Collected data:
::::::
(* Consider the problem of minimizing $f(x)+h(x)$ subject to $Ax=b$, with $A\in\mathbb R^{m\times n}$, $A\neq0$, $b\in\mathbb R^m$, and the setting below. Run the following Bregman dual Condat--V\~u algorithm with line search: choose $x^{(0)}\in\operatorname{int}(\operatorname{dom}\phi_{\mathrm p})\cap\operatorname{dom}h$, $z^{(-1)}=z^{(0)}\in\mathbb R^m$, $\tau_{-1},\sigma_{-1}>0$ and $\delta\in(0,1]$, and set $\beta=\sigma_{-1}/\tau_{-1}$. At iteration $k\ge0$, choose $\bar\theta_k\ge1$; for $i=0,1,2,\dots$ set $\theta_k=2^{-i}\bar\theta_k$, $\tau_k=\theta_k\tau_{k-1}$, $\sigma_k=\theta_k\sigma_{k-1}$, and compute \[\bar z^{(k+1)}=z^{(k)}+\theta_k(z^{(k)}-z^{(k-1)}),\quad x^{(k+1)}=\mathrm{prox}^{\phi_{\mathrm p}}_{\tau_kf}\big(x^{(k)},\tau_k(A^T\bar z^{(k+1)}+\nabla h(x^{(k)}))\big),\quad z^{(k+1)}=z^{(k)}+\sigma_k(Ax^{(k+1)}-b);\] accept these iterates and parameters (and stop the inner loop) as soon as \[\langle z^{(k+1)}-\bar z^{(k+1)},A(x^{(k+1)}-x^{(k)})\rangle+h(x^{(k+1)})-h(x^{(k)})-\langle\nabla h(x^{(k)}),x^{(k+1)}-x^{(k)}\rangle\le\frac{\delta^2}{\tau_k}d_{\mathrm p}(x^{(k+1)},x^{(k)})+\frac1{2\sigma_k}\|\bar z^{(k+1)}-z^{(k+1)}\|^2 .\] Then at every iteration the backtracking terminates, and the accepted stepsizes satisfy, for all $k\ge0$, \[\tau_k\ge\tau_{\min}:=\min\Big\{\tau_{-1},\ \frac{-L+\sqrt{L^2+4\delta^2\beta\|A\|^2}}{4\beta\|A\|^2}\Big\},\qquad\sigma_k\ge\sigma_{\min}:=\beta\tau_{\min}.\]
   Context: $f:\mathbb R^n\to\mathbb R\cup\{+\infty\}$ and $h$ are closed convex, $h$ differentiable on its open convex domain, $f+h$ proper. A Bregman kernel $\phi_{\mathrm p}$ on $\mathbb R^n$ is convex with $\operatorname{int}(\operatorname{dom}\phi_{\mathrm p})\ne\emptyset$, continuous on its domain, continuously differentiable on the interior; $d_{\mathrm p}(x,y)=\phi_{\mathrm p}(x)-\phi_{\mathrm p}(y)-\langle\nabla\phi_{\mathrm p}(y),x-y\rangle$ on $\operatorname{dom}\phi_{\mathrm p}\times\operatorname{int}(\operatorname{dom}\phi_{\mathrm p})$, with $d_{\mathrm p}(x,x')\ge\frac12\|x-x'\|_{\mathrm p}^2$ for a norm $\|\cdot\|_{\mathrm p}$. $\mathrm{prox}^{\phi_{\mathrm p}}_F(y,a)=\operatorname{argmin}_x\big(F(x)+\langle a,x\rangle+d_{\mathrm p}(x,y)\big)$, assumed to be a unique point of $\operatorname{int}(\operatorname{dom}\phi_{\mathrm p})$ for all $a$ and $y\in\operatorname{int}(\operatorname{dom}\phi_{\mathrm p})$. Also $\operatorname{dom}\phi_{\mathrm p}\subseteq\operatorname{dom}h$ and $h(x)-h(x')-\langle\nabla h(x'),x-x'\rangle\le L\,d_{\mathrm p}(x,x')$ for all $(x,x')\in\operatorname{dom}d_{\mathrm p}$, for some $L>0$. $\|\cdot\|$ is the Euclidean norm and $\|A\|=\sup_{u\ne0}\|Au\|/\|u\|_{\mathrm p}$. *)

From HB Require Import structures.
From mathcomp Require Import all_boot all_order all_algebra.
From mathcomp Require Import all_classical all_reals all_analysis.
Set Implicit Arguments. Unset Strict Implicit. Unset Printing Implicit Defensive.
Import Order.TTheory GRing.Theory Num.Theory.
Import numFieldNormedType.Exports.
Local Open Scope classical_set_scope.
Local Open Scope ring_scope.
::::::
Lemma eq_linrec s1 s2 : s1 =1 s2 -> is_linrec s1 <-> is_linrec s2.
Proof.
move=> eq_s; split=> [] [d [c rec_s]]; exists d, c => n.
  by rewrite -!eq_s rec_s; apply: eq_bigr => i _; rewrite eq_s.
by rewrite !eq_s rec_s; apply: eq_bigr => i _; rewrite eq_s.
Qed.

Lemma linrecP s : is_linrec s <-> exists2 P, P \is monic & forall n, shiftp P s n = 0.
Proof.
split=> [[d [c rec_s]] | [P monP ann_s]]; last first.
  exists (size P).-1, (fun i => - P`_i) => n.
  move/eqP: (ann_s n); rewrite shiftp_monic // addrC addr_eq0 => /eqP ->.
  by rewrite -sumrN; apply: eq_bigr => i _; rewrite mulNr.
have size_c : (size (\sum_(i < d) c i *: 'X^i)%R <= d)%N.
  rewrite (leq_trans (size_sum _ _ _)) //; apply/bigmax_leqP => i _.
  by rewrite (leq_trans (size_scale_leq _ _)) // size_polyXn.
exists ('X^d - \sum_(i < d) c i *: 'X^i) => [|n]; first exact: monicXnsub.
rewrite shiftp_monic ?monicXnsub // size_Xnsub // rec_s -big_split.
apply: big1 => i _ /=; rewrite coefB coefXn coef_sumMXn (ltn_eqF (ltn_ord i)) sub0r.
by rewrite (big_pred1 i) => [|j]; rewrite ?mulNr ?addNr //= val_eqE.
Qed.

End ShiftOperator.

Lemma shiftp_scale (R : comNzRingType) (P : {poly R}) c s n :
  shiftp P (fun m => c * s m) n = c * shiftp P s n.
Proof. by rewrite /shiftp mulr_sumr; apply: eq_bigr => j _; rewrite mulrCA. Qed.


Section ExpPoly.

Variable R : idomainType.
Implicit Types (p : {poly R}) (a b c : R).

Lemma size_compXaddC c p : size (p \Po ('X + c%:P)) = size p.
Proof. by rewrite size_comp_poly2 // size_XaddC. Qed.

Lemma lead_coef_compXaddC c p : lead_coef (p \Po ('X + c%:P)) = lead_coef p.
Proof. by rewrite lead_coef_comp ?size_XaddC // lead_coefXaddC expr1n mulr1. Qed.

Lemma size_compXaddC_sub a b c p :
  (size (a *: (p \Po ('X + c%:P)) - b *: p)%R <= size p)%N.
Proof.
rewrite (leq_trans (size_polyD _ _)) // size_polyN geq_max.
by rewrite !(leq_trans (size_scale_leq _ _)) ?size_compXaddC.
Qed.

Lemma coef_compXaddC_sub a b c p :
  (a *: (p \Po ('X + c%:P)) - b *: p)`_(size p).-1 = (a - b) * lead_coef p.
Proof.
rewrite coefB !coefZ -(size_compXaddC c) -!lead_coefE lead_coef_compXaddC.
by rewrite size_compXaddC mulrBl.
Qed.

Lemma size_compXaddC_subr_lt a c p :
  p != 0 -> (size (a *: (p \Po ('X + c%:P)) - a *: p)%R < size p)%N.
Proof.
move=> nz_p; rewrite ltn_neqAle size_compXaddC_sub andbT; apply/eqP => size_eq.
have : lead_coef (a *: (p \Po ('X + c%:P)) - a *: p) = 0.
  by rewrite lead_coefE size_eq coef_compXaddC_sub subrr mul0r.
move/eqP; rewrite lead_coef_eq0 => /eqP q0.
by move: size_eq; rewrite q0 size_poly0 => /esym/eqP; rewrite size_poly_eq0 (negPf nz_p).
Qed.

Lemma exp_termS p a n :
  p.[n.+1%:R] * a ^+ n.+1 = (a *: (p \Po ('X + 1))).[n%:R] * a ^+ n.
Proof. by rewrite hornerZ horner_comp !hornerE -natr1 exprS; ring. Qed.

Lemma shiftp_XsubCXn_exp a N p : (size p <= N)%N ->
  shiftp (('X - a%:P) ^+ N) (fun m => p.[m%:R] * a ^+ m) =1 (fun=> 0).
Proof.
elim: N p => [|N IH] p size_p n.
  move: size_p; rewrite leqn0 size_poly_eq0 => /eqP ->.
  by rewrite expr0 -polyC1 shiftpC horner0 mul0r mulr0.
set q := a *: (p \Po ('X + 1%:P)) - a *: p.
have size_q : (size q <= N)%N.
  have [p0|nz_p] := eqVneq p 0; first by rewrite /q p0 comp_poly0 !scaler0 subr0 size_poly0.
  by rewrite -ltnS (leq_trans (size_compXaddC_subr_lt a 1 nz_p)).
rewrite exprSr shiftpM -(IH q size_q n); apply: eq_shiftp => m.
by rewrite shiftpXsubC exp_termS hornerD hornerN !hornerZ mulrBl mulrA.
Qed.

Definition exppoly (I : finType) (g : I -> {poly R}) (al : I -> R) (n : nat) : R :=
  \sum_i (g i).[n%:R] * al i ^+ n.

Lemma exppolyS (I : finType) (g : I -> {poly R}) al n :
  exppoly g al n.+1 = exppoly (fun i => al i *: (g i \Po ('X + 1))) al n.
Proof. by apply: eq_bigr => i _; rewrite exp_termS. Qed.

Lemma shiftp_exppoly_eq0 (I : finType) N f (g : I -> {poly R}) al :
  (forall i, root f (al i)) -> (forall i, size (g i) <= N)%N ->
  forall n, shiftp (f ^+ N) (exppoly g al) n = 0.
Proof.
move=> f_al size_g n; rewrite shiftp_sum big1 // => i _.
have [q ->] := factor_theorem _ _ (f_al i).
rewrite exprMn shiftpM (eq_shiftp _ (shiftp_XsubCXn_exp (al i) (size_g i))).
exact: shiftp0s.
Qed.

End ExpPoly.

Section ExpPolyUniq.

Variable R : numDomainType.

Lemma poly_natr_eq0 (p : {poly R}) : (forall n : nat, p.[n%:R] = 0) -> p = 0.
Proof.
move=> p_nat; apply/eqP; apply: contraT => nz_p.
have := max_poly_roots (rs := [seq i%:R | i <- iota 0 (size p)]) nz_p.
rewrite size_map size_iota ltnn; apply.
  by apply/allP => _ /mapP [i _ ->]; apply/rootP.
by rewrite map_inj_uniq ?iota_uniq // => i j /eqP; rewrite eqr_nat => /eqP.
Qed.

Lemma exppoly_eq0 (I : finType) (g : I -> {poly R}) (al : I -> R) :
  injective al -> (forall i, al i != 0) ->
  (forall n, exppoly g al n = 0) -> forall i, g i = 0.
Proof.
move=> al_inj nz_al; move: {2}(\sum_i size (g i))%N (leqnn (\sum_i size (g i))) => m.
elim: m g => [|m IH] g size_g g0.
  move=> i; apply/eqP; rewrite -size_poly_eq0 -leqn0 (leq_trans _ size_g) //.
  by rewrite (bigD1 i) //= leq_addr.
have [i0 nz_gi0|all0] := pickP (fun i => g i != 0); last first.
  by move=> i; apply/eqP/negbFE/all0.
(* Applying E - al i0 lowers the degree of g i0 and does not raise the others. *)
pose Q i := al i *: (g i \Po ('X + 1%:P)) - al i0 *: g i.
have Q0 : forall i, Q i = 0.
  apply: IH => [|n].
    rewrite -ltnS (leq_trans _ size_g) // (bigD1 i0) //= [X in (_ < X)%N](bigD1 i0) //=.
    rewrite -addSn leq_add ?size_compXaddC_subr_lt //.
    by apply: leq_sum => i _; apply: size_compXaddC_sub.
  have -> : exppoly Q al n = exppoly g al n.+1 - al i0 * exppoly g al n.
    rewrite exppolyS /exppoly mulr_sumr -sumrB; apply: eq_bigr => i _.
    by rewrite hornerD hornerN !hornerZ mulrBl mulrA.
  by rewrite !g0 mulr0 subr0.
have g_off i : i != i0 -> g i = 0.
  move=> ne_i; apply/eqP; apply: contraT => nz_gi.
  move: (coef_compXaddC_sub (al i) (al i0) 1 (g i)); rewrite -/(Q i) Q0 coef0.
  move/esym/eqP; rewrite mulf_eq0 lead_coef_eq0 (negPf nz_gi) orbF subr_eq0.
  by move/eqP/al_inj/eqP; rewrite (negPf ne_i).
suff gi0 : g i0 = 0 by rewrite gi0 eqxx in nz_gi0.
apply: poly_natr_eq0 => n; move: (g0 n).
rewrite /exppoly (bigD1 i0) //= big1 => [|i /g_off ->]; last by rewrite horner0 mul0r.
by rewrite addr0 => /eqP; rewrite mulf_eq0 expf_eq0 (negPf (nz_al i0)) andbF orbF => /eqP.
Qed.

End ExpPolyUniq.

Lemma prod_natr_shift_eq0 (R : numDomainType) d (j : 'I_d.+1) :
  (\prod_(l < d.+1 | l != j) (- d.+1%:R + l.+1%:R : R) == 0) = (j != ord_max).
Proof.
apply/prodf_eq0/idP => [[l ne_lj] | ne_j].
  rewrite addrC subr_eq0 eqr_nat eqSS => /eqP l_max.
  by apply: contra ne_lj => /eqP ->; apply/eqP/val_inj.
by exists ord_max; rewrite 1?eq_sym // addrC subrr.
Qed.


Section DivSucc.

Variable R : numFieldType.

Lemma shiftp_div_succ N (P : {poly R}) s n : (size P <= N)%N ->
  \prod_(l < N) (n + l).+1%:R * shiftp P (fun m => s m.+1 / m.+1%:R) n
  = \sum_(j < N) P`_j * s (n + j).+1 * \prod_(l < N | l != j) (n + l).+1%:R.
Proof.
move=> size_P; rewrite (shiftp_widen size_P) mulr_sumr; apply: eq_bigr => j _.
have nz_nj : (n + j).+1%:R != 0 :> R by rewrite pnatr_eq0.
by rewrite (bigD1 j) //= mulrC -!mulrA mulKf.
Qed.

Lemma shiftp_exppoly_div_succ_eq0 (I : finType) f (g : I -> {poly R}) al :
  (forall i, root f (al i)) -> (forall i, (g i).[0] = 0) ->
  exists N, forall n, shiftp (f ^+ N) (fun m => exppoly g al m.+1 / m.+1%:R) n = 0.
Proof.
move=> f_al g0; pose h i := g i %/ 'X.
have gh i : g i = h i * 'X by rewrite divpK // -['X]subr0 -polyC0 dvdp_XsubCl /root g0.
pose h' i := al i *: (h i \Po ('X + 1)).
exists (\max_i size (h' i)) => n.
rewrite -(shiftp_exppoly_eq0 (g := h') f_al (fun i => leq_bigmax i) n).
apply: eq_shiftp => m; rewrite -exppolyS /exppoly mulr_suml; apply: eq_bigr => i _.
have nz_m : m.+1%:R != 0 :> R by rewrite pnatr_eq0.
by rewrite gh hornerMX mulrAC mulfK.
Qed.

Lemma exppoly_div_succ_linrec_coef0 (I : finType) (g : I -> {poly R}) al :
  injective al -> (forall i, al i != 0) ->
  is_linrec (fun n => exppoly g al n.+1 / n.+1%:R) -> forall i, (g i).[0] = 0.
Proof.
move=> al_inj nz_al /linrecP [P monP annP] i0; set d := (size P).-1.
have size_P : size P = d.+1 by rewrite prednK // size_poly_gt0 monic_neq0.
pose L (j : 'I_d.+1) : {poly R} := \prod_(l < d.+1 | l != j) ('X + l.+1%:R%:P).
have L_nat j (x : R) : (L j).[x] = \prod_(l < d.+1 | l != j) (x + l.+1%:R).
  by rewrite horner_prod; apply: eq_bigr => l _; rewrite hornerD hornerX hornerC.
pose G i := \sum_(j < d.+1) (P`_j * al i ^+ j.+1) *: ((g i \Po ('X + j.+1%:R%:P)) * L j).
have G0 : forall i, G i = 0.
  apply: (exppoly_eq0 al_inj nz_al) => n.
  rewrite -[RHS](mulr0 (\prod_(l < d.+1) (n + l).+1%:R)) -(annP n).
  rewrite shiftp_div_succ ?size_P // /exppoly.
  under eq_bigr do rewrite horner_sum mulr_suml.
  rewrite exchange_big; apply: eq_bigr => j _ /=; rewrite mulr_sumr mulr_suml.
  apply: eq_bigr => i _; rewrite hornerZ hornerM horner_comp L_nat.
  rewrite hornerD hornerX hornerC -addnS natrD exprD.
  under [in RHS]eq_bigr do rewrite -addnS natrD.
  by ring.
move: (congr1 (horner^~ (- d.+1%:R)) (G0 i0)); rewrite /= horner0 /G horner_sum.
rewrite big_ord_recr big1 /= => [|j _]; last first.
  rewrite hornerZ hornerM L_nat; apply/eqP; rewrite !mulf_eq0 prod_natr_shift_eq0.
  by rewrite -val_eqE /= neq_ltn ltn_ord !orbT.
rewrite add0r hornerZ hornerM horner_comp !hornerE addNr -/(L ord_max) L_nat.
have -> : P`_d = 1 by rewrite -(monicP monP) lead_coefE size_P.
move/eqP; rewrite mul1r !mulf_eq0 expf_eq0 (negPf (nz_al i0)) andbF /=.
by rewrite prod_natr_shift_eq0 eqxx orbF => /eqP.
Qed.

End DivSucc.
::::::
YOUR OBJECTIVE
Print, from the entries above, the line with "pose h' i := al i *: (h i \Po ('X + 1)).", the line with "have nz_m : m.+1%:R" and all lines between them, exactly and with nothing else.

SOLUTION FOR THIS TASK
pose h' i := al i *: (h i \Po ('X + 1)).
exists (\max_i size (h' i)) => n.
rewrite -(shiftp_exppoly_eq0 (g := h') f_al (fun i => leq_bigmax i) n).
apply: eq_shiftp => m; rewrite -exppolyS /exppoly mulr_suml; apply: eq_bigr => i _.
have nz_m : m.+1%:R != 0 :> R by rewrite pnatr_eq0.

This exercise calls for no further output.